Muscular Tone at Rest: Relationship with Cutaneous Pleasurable Experience, an Interpretation According to the Dimensional Approach to Cerebral Dominance

Abstract
This study examined some aspects of the relationship between muscular tone at rest and a particular kind of pleasurable tactile stimulation (tickle) in the light of the dimensional approach to cerebral dominance. Electromyographic scores, latencies, and tickle durations for six muscles and corresponding skin areas were taken both on the right and left sides of the body from 40 female students in psychology. There was an inverse relationship between muscular tone at rest and sensitivity to tickle stimulation, which is lower (long latency and brief duration of perception) when the levels of muscular tone increase.

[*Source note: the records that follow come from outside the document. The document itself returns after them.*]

(* Let $M\in\mathbb{N}$, $M\ge2$, and let $r$ be a strong solution of the BVP. Then there exists $\delta>0$ such that $z$ is monotone on $(0,\delta)$. If, in addition, $r>0$ on $(0,\delta)$, then one of the following holds identically on $(0,\delta)$: (a) $\dot z\ge0$, equivalently $0<M^2-M\sqrt{M^2-1}\le\frac{R\dot r}{r}\le M^2+M\sqrt{M^2-1}$; (b) $\dot z\le0$ and $\left(\frac{r}{R}\right)^{\cdot}>0$; (c) $\dot z\le0$ and $\left(\frac{r}{R}\right)^{\cdot}<0$.
   Context: Fix constants $\gamma>0$, $s_0\ge0$, $\kappa\ge-\gamma s_0$ and a convex function $\rho\in C^\infty(\mathbb{R})$ with $\rho(s)=0$ for $s\le0$, $\rho(s)=\gamma s+\kappa$ for $s\ge s_0$, and $\rho=\rho_1$ on $[0,s_0]$ where $\rho_1$ is smooth and convex with $\rho_1(0)=0$, $\rho_1(s_0)=\gamma s_0+\kappa$. For $M\in\mathbb{N}\setminus\{0\}$ and a function $r$ on $(0,1]$ let $d(R)=\frac{Mr(R)\dot r(R)}{R}$ and $Lr(R)=\frac{M^2r}{R}-\dot r-R\ddot r$. A strong solution of the BVP is a function $r\in C([0,1])\cap C^\infty((0,1])$ with $Lr=M\rho''(d)\dot d\,r$ on $(0,1)$, $r(0)=0$ and $r(1)=1$. Let $f(s)=s\rho'(s)-\rho(s)$ and $z(R)=\frac{\dot r(R)^2}{2}+\frac{M^2r(R)^2}{2R^2}+f(d(R))$ for $R\in(0,1]$. *)

From Stdlib Require Import Reals.
From Coquelicot Require Import Coquelicot.
Open Scope R_scope.

Definition smooth (f : R -> R) : Prop :=
  forall (n : nat) (x : R), ex_derive_n f n x.

Definition convex_fun (f : R -> R) : Prop :=
  forall x y t : R, 0 <= t <= 1 ->
    f (t * x + (1 - t) * y) <= t * f x + (1 - t) * f y.

Definition rho_hyp (gamma s0 kappa : R) (rho : R -> R) : Prop :=
  0 < gamma /\ 0 <= s0 /\ - (gamma * s0) <= kappa /\
  smooth rho /\ convex_fun rho /\
  (forall s, s <= 0 -> rho s = 0) /\
  (forall s, s0 <= s -> rho s = gamma * s + kappa) /\
  (exists rho1 : R -> R, smooth rho1 /\ convex_fun rho1 /\
     rho1 0 = 0 /\ rho1 s0 = gamma * s0 + kappa /\
     (forall s, 0 <= s <= s0 -> rho s = rho1 s)).

(* r in C([0,1]) /\ C^infinity((0,1]).  C^infinity((0,1]) is encoded as:
   smooth on the open interval (0,1), continuous from the left at 1, and every
   derivative has a finite left limit at 1 (equivalent, by the mean value
   theorem, to having all one-sided derivatives at 1, continuous on (0,1]).
   Continuity on [0,1] additionally needs right-continuity at 0. *)
Definition regular_r (r : R -> R) : Prop :=
  (forall (n : nat) (x : R), 0 < x < 1 -> ex_derive_n r n x) /\
  filterlim r (at_right 0) (locally (r 0)) /\
  filterlim r (at_left 1) (locally (r 1)) /\
  (forall n : nat, exists l : R, filterlim (Derive_n r n) (at_left 1) (locally l)).

Definition dfun (M : nat) (r : R -> R) (x : R) : R :=
  INR M * r x * Derive r x / x.

Definition Lop (M : nat) (r : R -> R) (x : R) : R :=
  INR M ^ 2 * r x / x - Derive r x - x * Derive_n r 2 x.

Definition strong_solution (rho : R -> R) (M : nat) (r : R -> R) : Prop :=
  regular_r r /\
  (forall x, 0 < x < 1 ->
     Lop M r x = INR M * Derive_n rho 2 (dfun M r x) * Derive (dfun M r) x * r x) /\
  r 0 = 0 /\ r 1 = 1.

Definition ffun (rho : R -> R) (s : R) : R := s * Derive rho s - rho s.

Definition zfun (rho : R -> R) (M : nat) (r : R -> R) (x : R) : R :=
  Derive r x ^ 2 / 2 + INR M ^ 2 * r x ^ 2 / (2 * x ^ 2) + ffun rho (dfun M r x).

Definition monotone_on_open (g : R -> R) (a b : R) : Prop :=
  (forall x y, a < x -> x <= y -> y < b -> g x <= g y) \/
  (forall x y, a < x -> x <= y -> y < b -> g y <= g x).

From Stdlib Require Import Reals Lra Psatz Classical.
From Coquelicot Require Import Coquelicot.
Open Scope R_scope.

(* Along a solution, [-R^3 z' = P] with [P = R^2 r'^2 - 2 M^2 R r r' + M^2 r^2], so [z]
   is monotone wherever [P] keeps a sign.  At a root of [P] where [(r, r') <> 0] the
   equation, solved for [r''], forces [P' < 0]; hence once [P < 0] it stays negative.
   If instead [(r, r')] vanishes somewhere, Gronwall's inequality for the linear
   equation [r'' = alpha r + beta r'] gives [r = 0] to the left of that point.  Either
   way [P] has a constant sign near [0].  When [r > 0]: if [P <= 0], then [R r'/r] lies
   between the roots [M^2 +- M sqrt (M^2 - 1)] of [u^2 - 2 M^2 u + M^2]; if [P >= 0],
   then [R r' - r] has no root, so [(r/R)' = (R r' - r)/R^2] has a constant sign. *)

Lemma ex_derive_continuity_pt (f : R -> R) x : ex_derive f x -> continuity_pt f x.
Proof. intros H. apply continuity_pt_filterlim. exact (ex_derive_continuous f x H). Qed.

Lemma continuity_pt_pos_near (f : R -> R) x : continuity_pt f x -> 0 < f x ->
  exists eta, 0 < eta /\ forall t, Rabs (t - x) < eta -> 0 < f t.
Proof.
  intros Hc Hx. destruct (proj1 (continuity_pt_locally f x) Hc (mkposreal _ Hx))
    as [eta Heta].
  exists eta. split; [apply cond_pos|]. intros t Ht.
  assert (Hft := Heta t Ht). apply Rabs_def2 in Hft. simpl in Hft. lra.
Qed.

Lemma continuity_pt_neg_near (f : R -> R) x : continuity_pt f x -> f x < 0 ->
  exists eta, 0 < eta /\ forall t, Rabs (t - x) < eta -> f t < 0.
Proof.
  intros Hc Hx.
  destruct (continuity_pt_pos_near (fun t => - f t) x) as [eta [Heta H]];
    [now apply continuity_pt_opp | lra |].
  exists eta. split; [exact Heta|]. intros t Ht. specialize (H t Ht). lra.
Qed.

Lemma is_derive_neg_root_pos_left (f : R -> R) x l :
  is_derive f x l -> l < 0 -> f x = 0 ->
  exists eta, 0 < eta /\ forall t, x - eta < t < x -> 0 < f t.
Proof.
  intros Hd Hl H0. apply is_derive_Reals in Hd.
  destruct (Hd (- l / 2)) as [eta H]; [lra|].
  exists eta. split; [apply cond_pos|]. intros t Ht.
  specialize (H (t - x)). replace (x + (t - x)) with t in H by ring.
  rewrite H0, Rminus_0_r in H.
  assert (Hq : Rabs (f t / (t - x) - l) < - l / 2).
  { apply H; [lra|]. rewrite Rabs_left; lra. }
  apply Rabs_def2 in Hq.
  assert (Hft : f t = f t / (t - x) * (t - x)) by (field; lra).
  nra.
Qed.

Lemma nondecreasing_of_derive_nonneg (f f' : R -> R) a b :
  a <= b -> (forall c, a <= c <= b -> is_derive f c (f' c)) ->
  (forall c, a <= c <= b -> 0 <= f' c) -> f a <= f b.
Proof.
  intros Hab Hd Hp. destruct (Req_dec a b) as [<-|Hne]; [lra|].
  destruct (MVT_cor2 f f' a b) as [c [Hc1 Hc2]]; [lra| |].
  - intros c Hc. apply is_derive_Reals. now apply Hd.
  - assert (0 <= f' c) by (apply Hp; lra). nra.
Qed.
Fixpoint transcripts_from (P : protocol) (f : nat) (pre : list nat) : list (list nat) :=
  match paction P pre with
  | None => [pre]
  | Some (i0, M, pq0, px0) =>
      match f with
      | O => []
      | S f' => flat_map (fun m => transcripts_from P f' (pre ++ [m])) (seq 0 M)
      end
  end.

Definition transcripts (P : protocol) : list (list nat) :=
  transcripts_from P (plen P) [].

Fixpoint allbools (n : nat) : list (list bool) :=
  match n with
  | O => [[]]
  | S k => flat_map (fun l => [true :: l; false :: l]) (allbools k)
  end.

(** Law of Indep_b(n): Pr(L = l). *)
Definition indep_prob (b : R) (l : list bool) : R :=
  fold_right (fun (bi : bool) (acc : R) => ((if bi then b else 1 - b) * acc)%R) 1%R l.

(** Pr(T = t | X = x), with L ~ Indep_b(n) independent of X. *)
Definition prT (n : nat) (b : R) (P : protocol) (x : nat) (t : list nat) : R :=
  fold_right (fun l acc => indep_prob b l * tprob P x l [] t + acc) 0 (allbools n).

(** Pr(T = t, L_i = 1 | X = x). *)
Definition prT_Li (n : nat) (b : R) (P : protocol) (i x : nat) (t : list nat) : R :=
  fold_right (fun l acc =>
      (if nth i l false then indep_prob b l * tprob P x l [] t else 0) + acc)
    0 (allbools n).

(** Pr(L_i = 1 | T = t, X = x)  (meaningful when Pr(T = t, X = x) > 0). *)
Definition posterior (n : nat) (b : R) (P : protocol) (i x : nat) (t : list nat) : R :=
  prT_Li n b P i x t / prT n b P x t.

Definition Rle_bool (a c : R) : bool := if Rle_dec a c then true else false.

Definition good (n : nat) (b c : R) (P : protocol) (D : list nat -> nat)
  (x : nat) (t : list nat) : bool :=
  forallb (fun i => Rle_bool (posterior n b P i x t) c) (seq 0 n) && Nat.eqb (D t) x.

Definition risky_protocol (n : nat) (h b c eps : R) (P : protocol)
  (D : list nat -> nat) : Prop :=
  wf_protocol n (Xsize h) P /\
  (forall t, (D t < Xsize h)%nat) /\
  (forall x, (x < Xsize h)%nat ->
     1 - eps <= fold_right (fun t acc =>
                   (if good n b c P D x t then prT n b P x t else 0) + acc)
                 0 (transcripts P)).

Definition safe_protocol (n : nat) (h b c eps : R) (P : protocol)
  (D : list nat -> nat) : Prop :=
  risky_protocol n h b c eps P D /\
  (forall i x t, (i < n)%nat -> (x < Xsize h)%nat -> 0 < prT n b P x t ->
     posterior n b P i x t <= c).

Definition safely_achievable (b c Rt : R) : Prop :=
  forall eps, 0 < eps -> forall n0 : nat,
    exists n : nat, (n0 <= n)%nat /\
      exists (P : protocol) (D : list nat -> nat),
        safe_protocol n (INR n * Rt) b c eps P D.

Definition is_safe_capacity (b c cap : R) : Prop :=
  is_lub (safely_achievable b c) cap.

So we hypothesize that the muscular system (especially because the correlations of tone and latency are positive) plays a role through the afferents of inhibition of tactile pleasurable experience. This role is more evident for the left side of the body. The dimensional approach to cerebral dominance on the basis of myographic score identified three groups of subjects (right, left, and non-dominant). The subjects classified as right-dominant on the basis of myographic score show a longer duration of tickle on the right half of the body than on the left and longer latency on the left. The left-dominant subjects do not show any difference between the two halves of the body in duration of tickle but show longer latency on the left side. The non-dominant subjects show also no difference between the two sides of the body for both tickle duration and latency.